In evaluating the limitations in this domain, the ALJ also acknowledged that a December 2018 speech and language evaluation, administered by SLP Wypych, revealed that T.M. had severe receptive and expressive language delays. (Tr. 21; see Tr. 351). The ALJ noted, however, that during the testing, SLP Wypych remarked that T.M.’s presentation was “poor,” that he did not appear to attempt to do his best, and the results of the examination were possibly lower than his capability. (Tr. 21; see Tr. 349-50). The ALJ also noted that treatment records did not show significant problems in this area. (Tr. 21). On the contrary, treatment records indicated that T.M. had fluent speech and intact comprehension. (Tr. 386, 390, 393, 399; see Tr. 21). Moreover, as the ALJ noted, Mr. Boucher indicated that T.M. did not have significant deficits with speech. (Tr. 21; see Tr. 224). Mr. Boucher indicated that T.M.’s speech could be understood almost all of the time. (Tr. 224). Nonetheless, the ALJ explained that even though SLP Wypych did not specifically assess T.M.’s abilities in the domains of functioning, her report was persuasive in showing that the child had some deficits in speech, which required addressing by the school’s individualized education plan (“IEP”). (Tr. 24). Plaintiff takes issue with the ALJ’s evaluation of SLP Wypych’s report, claiming that the ALJ ignored SLP’s Wypych’s “opinion” that T.M.’s language delays “may adversely affect his academic performance, life experiences, ability to be understood by others, and communication at an age appropriate level.” (Tr. 351). As an initial matter, SLP Wypych’s statement does not appear to be a medical opinion under the applicable Social Security regulations.

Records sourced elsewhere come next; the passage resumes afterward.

Let num_continuous (u : R) : {for u, continuous num}.
Proof.
have : derivable num u 1 by rewrite /num; apply: ex_derive.
by move/derivable1_diffP/differentiable_continuous.
Qed.

Let cos_phase_continuous (u : R) : {for u, continuous (fun w => cos (phase w))}.
Proof.
have : derivable (fun w => cos (phase w)) u 1 by apply: ex_derive.
by move/derivable1_diffP/differentiable_continuous.
Qed.

Let Xi0_continuous u : Dom0 u -> {for u, continuous Xi0}.
Proof.
move=> h; have := @ex_derive _ _ _ _ _ _ _ (is_derive_Xi0 h).
by move/derivable1_diffP/differentiable_continuous.
Qed.

Let Xi_denE s u : sin (omega * u) != 0 ->
  Xi_den xi rho u s tau = xi * cos (phase u) / sin (omega * u) - xi ^+ 2 * s * u / 2.
Proof. by move=> s0; rewrite /Xi_den /cot -/rb Xi_argE cos_phase; field. Qed.

Let Xi_moebius s u : Dom0 u -> 1 - xi ^+ 2 * s / (2 * v) * Xi0 u != 0 ->
  Xi v xi rho u s tau = moebius (xi ^+ 2 * s / (2 * v)) (Xi0 u).
Proof.
move=> h; set c := xi ^+ 2 * s / (2 * v) => w0; rewrite /moebius.
have [->|u0] := eqVneq u 0; first by rewrite /Xi eqxx Xi0_0 mul0r.
have s0 : sin (omega * u) != 0.
  by apply: contraTneq (mul_sin_omega_gt0 (Dom0_closed h) u0) => ->; rewrite mulr0 ltxx.
have c0 := cos_phase_gt0 h.
have denE : Xi_den xi rho u s tau = xi * cos (phase u) / sin (omega * u) * (1 - c * Xi0 u).
  by rewrite Xi_denE // Xi0E // /num /c; field; rewrite s0 !gt_eqF.
rewrite /Xi (negbTE u0) denE {2}Xi0E // /num; field.
by rewrite w0 s0 !gt_eqF.
Qed.

Let kappa := xi ^+ 2 * t / (2 * v).

Let kappa_ge0 : 0 <= kappa.
Proof. by rewrite divr_ge0 ?mulr_ge0 ?sqr_ge0 // ltW. Qed.

Let Xi_t0 u : Dom0 u -> Xi v xi rho u 0 tau = Xi0 u.
Proof.
move=> h; rewrite Xi_moebius // /moebius !(mulr0, mul0r, subr0) ?divr1 // oner_neq0.
Qed.

Definition Xi_dom := [set u | Dom0 u /\ kappa * Xi0 u < 1].

Let XiE u : Xi_dom u -> Xi v xi rho u t tau = moebius kappa (Xi0 u).
Proof. by case=> h ku; rewrite Xi_moebius // subr_eq0 eq_sym lt_eqF. Qed.

Let Xi_threshold u : Dom0 u -> t != 0 ->
  (Xi v xi rho u 0 tau < 2 * v / (xi ^+ 2 * t)) = (kappa * Xi0 u < 1).
Proof.
move=> h t0; have kappa_gt0 : 0 < kappa.
  by rewrite divr_gt0 ?mulr_gt0 ?exprn_gt0 // lt_neqAle eq_sym t0.
rewrite Xi_t0 // -(ltr_pM2l kappa_gt0); congr (_ < _).
by rewrite /kappa; field; rewrite t0 !gt_eqF.
Qed.

Let Xi_dom_sub_K : Xi_dom `<=` K_set v xi rho t tau.
Proof.
move=> u [h ku]; split.
  have [->|u0] := eqVneq u 0; [by left | right].
  have s0 : sin (omega * u) != 0.
    by apply: contraTneq (mul_sin_omega_gt0 (Dom0_closed h) u0) => ->; rewrite mulr0 ltxx.
  rewrite Xi_argE Xi_denE // !(mulr0, mul0r, subr0); split => //.
  by rewrite mulf_neq0 ?invr_eq0 // mulf_neq0 // gt_eqF // cos_phase_gt0.
by have [->|t0] := eqVneq t 0; [left | right; rewrite Xi_threshold].
Qed.

Let K_cos_phase u : K_set v xi rho t tau u -> cos (phase u) != 0.
Proof.
move=> [[->|[s0 d0]] _].
  by rewrite /phase mulr0 add0r cos_theta gt_eqF.
move: d0; rewrite Xi_argE in s0; rewrite Xi_denE // !(mulr0, mul0r, subr0).
by apply: contra => /eqP ->; rewrite mulr0 mul0r.
Qed.

Let K_Dom0_Xi_dom u : K_set v xi rho t tau u -> Dom0 u -> Xi_dom u.
Proof.
move=> [_ kt] h; split => //.
have [t0|t0] := eqVneq t 0; first by rewrite /kappa t0 !(mulr0, mul0r) ltr01.
by case: kt => [/eqP|]; [rewrite (negbTE t0) | rewrite Xi_threshold].
Qed.

Let Xi_dom_interval : is_interval Xi_dom.
Proof.
apply: convex_sublevel_is_interval (convex_functionMl kappa_ge0 Xi0_convex).
move=> x y /andP[x1 _] /andP[_ y2] z /andP[xz zy].
by rewrite /= /Dom0 (lt_le_trans x1 xz) (le_lt_trans zy y2).
Qed.

Let Xi_dom_0 : Xi_dom 0.
Proof. by split; [exact: Dom0_0 | rewrite Xi0_0 mulr0 ltr01]. Qed.

Lemma K_ttE : K_tt v xi rho t tau = Xi_dom.
Proof.
apply/seteqP; split; last first.
  move=> u Du; exists Xi_dom => //; split => //.
  by apply/connected_intervalP.
move=> u [C [C0 CK /connected_intervalP iC] Cu].
apply: K_Dom0_Xi_dom; first exact: CK.
have /andP[umin_lt0 umax_gt0] := Dom0_0.
rewrite /Dom0 !ltNge; apply/andP; split; apply/negP => hu.
- have /CK/K_cos_phase : C umin by apply: (iC u 0) => //; rewrite hu ltW.
  by rewrite phase_umin cosN cos_pihalf eqxx.
- have /CK/K_cos_phase : C umax by apply: (iC 0 u) => //; rewrite hu ltW.
  by rewrite phase_umax cos_pihalf eqxx.
Qed.

Let Xi_dom_nbhs u : Xi_dom u -> \forall w \near u, Xi_dom w.
Proof.
move=> [h ku]; have kX : (fun w => kappa * Xi0 w) @ u --> kappa * Xi0 u.
  by apply: cvgMr; exact: Xi0_continuous.
near=> w; split; first by near: w; exact: Dom0_nbhs.
by near: w; exact: cvgr_lt kX 1 ku.
Unshelve. all: by end_near. Qed.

Under the regulations, a medical opinion is a statement from a medical source about what the claimant can still do despite his impairment(s), and whether he has one or more impairment-related limitations in
various abilities, in this case, in acquiring and using information. 20 C.F.R. § 416.913(a)(2)(i). SLP Wypych’s opinion does not provide that information. Moreover, SLP Wypych’s statement that T.M.’s language delays “may adversely affect” his academic performance does not mean that he had a marked limitation in acquiring and using information. (Tr. 18, 21). She did not offer any opinion as to whether his deficits were marked, moderate, mild or something in between. In fact, SLP Wypych indicated that, with appropriate intervention, T.M.’s prognosis for improvement was good, which suggests that his deficits could be reasonably remedied (Tr. 351). Finally, the fact that the ALJ did not discuss this portion of SLP Wypych’s report does not mean that he did not consider it, particularly where the ALJ cited to other portions of the report. An ALJ is not required to cite to every shred of evidence in the record. Brault v. Soc. Sec. Admin., Comm’r, 683 F.3d 443, 448 (2d Cir. 2012) (“An ALJ’s failure to cite specific evidence does not indicate that such evidence was not considered.” (internal quotation marks and citations omitted)); see also Cichocki v. Astrue, 729 F.3d 172, 176- 77 (where the evidence of record permits the court to glean the rationale of an ALJ’s decision, an ALJ need not recite every piece of evidence that contributed to the decision). In addition to the school records and medical records discussed above, the ALJ also considered the medical opinions in the record. (Tr. 21, 23-24). The ALJ noted that consultative psychologist Dr. Christine Ransom, Ph.D., examined T.M. at the Commissioner’s request on October 29, 2018, and assessed that he had no limitation in following and understanding age-appropriate directions, learning in accordance with cognitive functioning, asking questions, and requesting assistance in an age-appropriate manner. (Tr. 23; see Tr. 282). Dr. Ransom based her opinion on her examination findings,
which revealed that T.M.’s expressive and receptive language skills were adequate, his thought processes were coherent, his attention and concentration were intact, his memory was intact, his cognitive functioning appeared to be average, and his insight and judgment were average. (Tr. 282). Although the ALJ departed somewhat from Dr. Ransom’s opinion and found that T.M. had a less-than-marked limitation in this domain (rather than no limitation), Dr. Ransom’s opinion is still insightful because it is in line with the ALJ’s ultimate conclusion that T.M. did not have a marked limitation in this domain. The ALJ also considered the findings of the State agency consultants who reviewed the evidence in the record on December 17, 2018. (Tr. 21, 23; see Tr. 72-74). Dr. A. Chapman, a psychologist, and Dr. J. Randall, a pediatrician, assessed that T.M. had a less than marked limitation in acquiring and using information. (Tr. 72). Among the evidence Dr. Chapman and Dr. Randall highlighted were the evaluations of SLP Wypych and Dr. Ransom, discussed above. (Tr. 72; see Tr. 280-83, 348-52). The ALJ found that the assessments of the State agency consultants were persuasive because they were supported by, and consistent with the evidence in the record. (Tr. 23). The ALJ’s finding that T.M. had a less than marked limitation in this domain is also supported by his activities of daily living. (Tr. 21). The ALJ noted that T.M. had played basketball, (Tr. 19-20; see Tr. 286), football (Tr. 282, 287), and video games. (Tr. 20; see Tr, 282, 287). T.M.’s abilities to play basketball, football, and video games, indicate that he was able to acquire and use information that related to recreational activities that interested him. (Tr. 282; see also Tr. 286-87). In short, the foregoing evidence supports a finding that, although T.M. had a limitation in this domain, the limitation was less than marked.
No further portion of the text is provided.